There will always be men and women who will do their damnedest to justify this sorry state of affairs. They are the heirs of the same inhumane worldview of the men and women who defended slavery in the 19th Century. History has left slavery's defender's in the dust. In time, History will do the same to those who seek to justify the terrible treatment of factory farm animals.

Thursday, April 15, 2010

Time for some Pie in the Sky... With Vegan Ice Cream on Top! (Well, maybe not... let's face it... vegan ice cream sucks...)

The Humane Society of the United States (HSUS) is generating a lot of controversy as a result of its decision to make public undercover video footage shot inside of America's two largest egg farms. Apparently, the film shows "workers slamming chickens into metal bins and dead animals littering cages." (Source) The footage was shot secretly inside of facilities belonging to Rose Acre Farms and Rembrandt Enterprises, both located in Iowa.

The video footage has sparked a war of words between HSUS and the food industry. Unfortunately, the debate has nothing to do with the rights of the hens. As HSUS President Wayne Pacelle announced at a news conference in Des Moines yesterday: "We're not asking for an end to the confinements of animals in buildings. We're asking they not be crammed into cages and crates barely larger than their bodies." (Source)

He went on to say: "Those same producers are producing cage-free eggs by the millions to account for the growing demand for these products. We're not talking about a pie-in-the-sky alternative." (Source)

Well, I say: Let's talk about pie-in-the-sky alternatives. These puny animal welfare measures do nothing but provide short-term feel-good solutions to lull food consumers back into a state of denial. How is it going to change the harsh conditions and rampant abuses in these egg-laying facilities to switch from caged hens to cage-free hens? How will that help one iota? Will it stop workers from slamming the chickens? Will it make life better for the chickens? Will they be anything other than slaves, forced to lay eggs for human beings who don't need eggs to survive?

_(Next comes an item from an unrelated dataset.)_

(* If a formula $A$ is valid in every neighbourhood model satisfying centering (that is, in all models of $\mathbb{PC}$), then the sequent $\Rightarrow x:A$ is derivable in $\mathsf{CL}^C$.
   Context: Formulas $\mathcal{L}::=p\mid\bot\mid A\wedge B\mid A\lor B\mid A\to B\mid A>B$. Neighbourhood model $\langle W,N,\llbracket\cdot\rrbracket\rangle$: $W\ne\emptyset$, $N:W\to\mathcal{P}(\mathcal{P}(W))$ with all $\alpha\in N(x)$ non-empty; $x\Vdash A>B$ iff every $\alpha\in N(x)$ containing an $A$-world has some $\beta\in N(x)$, $\beta\subseteq\alpha$, containing an $A$-world, with all worlds of $\beta$ forcing $A\to B$. Centering: for all $x\in W$, $x\in\alpha$ for every $\alpha\in N(x)$, and $\{x\}\in N(x)$. $\mathsf{CL}^C$: world labels, neighbourhood labels including $\{x\}$ for each world label $x$; relational atoms $a\in N(x)$, $x\in a$, $a\subseteq b$; labelled formulas: these, $x:A$, $a\Vdash^\exists A$, $a\Vdash^\forall A$, $x\Vdash_aA|B$. Rules (premisses / conclusion; ''fresh'': not in conclusion): initial $x:p,\Gamma\Rightarrow\Delta,x:p$ ($p$ atomic), $x:\bot,\Gamma\Rightarrow\Delta$; G3 propositional rules; L$\forall$: $x:A,x\in a,a\Vdash^\forall A,\Gamma\Rightarrow\Delta$ / $x\in a,a\Vdash^\forall A,\Gamma\Rightarrow\Delta$; R$\forall$ (x fresh): $x\in a,\Gamma\Rightarrow\Delta,x:A$ / $\Gamma\Rightarrow\Delta,a\Vdash^\forall A$; L$\exists$ (x fresh): $x\in a,x:A,\Gamma\Rightarrow\Delta$ / $a\Vdash^\exists A,\Gamma\Rightarrow\Delta$; R$\exists$: $x\in a,\Gamma\Rightarrow\Delta,x:A,a\Vdash^\exists A$ / $x\in a,\Gamma\Rightarrow\Delta,a\Vdash^\exists A$; R$>$ (a fresh): $a\in N(x),a\Vdash^\exists A,\Gamma\Rightarrow\Delta,x\Vdash_aA|B$ / $\Gamma\Rightarrow\Delta,x:A>B$; L$>$: $a\in N(x),x:A>B,\Gamma\Rightarrow\Delta,a\Vdash^\exists A$ and $x\Vdash_aA|B,a\in N(x),x:A>B,\Gamma\Rightarrow\Delta$ / $a\in N(x),x:A>B,\Gamma\Rightarrow\Delta$; R$|$: $c\in N(x),c\subseteq a,\Gamma\Rightarrow\Delta,x\Vdash_aA|B,c\Vdash^\exists A$ and $c\in N(x),c\subseteq a,\Gamma\Rightarrow\Delta,x\Vdash_aA|B,c\Vdash^\forall A\to B$ / $c\in N(x),c\subseteq a,\Gamma\Rightarrow\Delta,x\Vdash_aA|B$; L$|$ (c fresh): $c\in N(x),c\subseteq a,c\Vdash^\exists A,c\Vdash^\forall A\to B,\Gamma\Rightarrow\Delta$ / $x\Vdash_aA|B,\Gamma\Rightarrow\Delta$; Ref: $a\subseteq a,\Gamma\Rightarrow\Delta$ / $\Gamma\Rightarrow\Delta$; Tr: $c\subseteq a,c\subseteq b,b\subseteq a,\Gamma\Rightarrow\Delta$ / $c\subseteq b,b\subseteq a,\Gamma\Rightarrow\Delta$; L$\subseteq$: $x\in a,a\subseteq b,x\in b,\Gamma\Rightarrow\Delta$ / $x\in a,a\subseteq b,\Gamma\Rightarrow\Delta$; N (a fresh): $a\in N(x),\Gamma\Rightarrow\Delta$ / $\Gamma\Rightarrow\Delta$; 0 (y fresh): $y\in a,a\in N(x),\Gamma\Rightarrow\Delta$ / $a\in N(x),\Gamma\Rightarrow\Delta$; T (a fresh): $x\in a,a\in N(x),\Gamma\Rightarrow\Delta$ / $\Gamma\Rightarrow\Delta$; W: $x\in a,a\in N(x),\Gamma\Rightarrow\Delta$ / $a\in N(x),\Gamma\Rightarrow\Delta$; Single: $x\in\{x\},\{x\}\in N(x),\Gamma\Rightarrow\Delta$ / $\{x\}\in N(x),\Gamma\Rightarrow\Delta$; C: $\{x\}\in N(x),\{x\}\subseteq a,a\in N(x),\Gamma\Rightarrow\Delta$ / $a\in N(x),\Gamma\Rightarrow\Delta$; Repl$_1$: $y\in\{x\},At(x),At(y),\Gamma\Rightarrow\Delta$ / $y\in\{x\},At(x),\Gamma\Rightarrow\Delta$; Repl$_2$: $y\in\{x\},At(x),At(y),\Gamma\Rightarrow\Delta$ / $y\in\{x\},At(y),\Gamma\Rightarrow\Delta$, where $At(x)$ is one of $x:P$ ($P$ atomic), $x\in a$, $a\in N(x)$, $x\in\{z\}$ and $At(y)$ replaces $x$ by $y$. *)

From Stdlib Require Import List Permutation.
Import ListNotations.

Nobody talks about pie-in-the-sky alternatives anymore. People are too focused on pragmatic solutions. But if nobody aims high, great change will never come. In 1850, abolitionism was about as "pie in the sky" as you can get. The handful of brave men and women who wanted to free African Americans from bondage in the middle of the 19th Century faced persecution, ostracism, even death. And they did NOT have the press or courts or politicians on their side.

But they had something far more powerful going for them: They had right on their side. They had justice on their side. And these are far more than simple abstractions...

Use that damning video footage for something far more meaningful than a debate over caged versus cage-free eggs. Use it to show the beauty of birds that bond with their parents and offspring, understand mathematics, enjoy a day out in the sun as much of the rest of us, and have a right to live full and peaceful lives.

Pie in the sky? Sure. Right and just? Yes.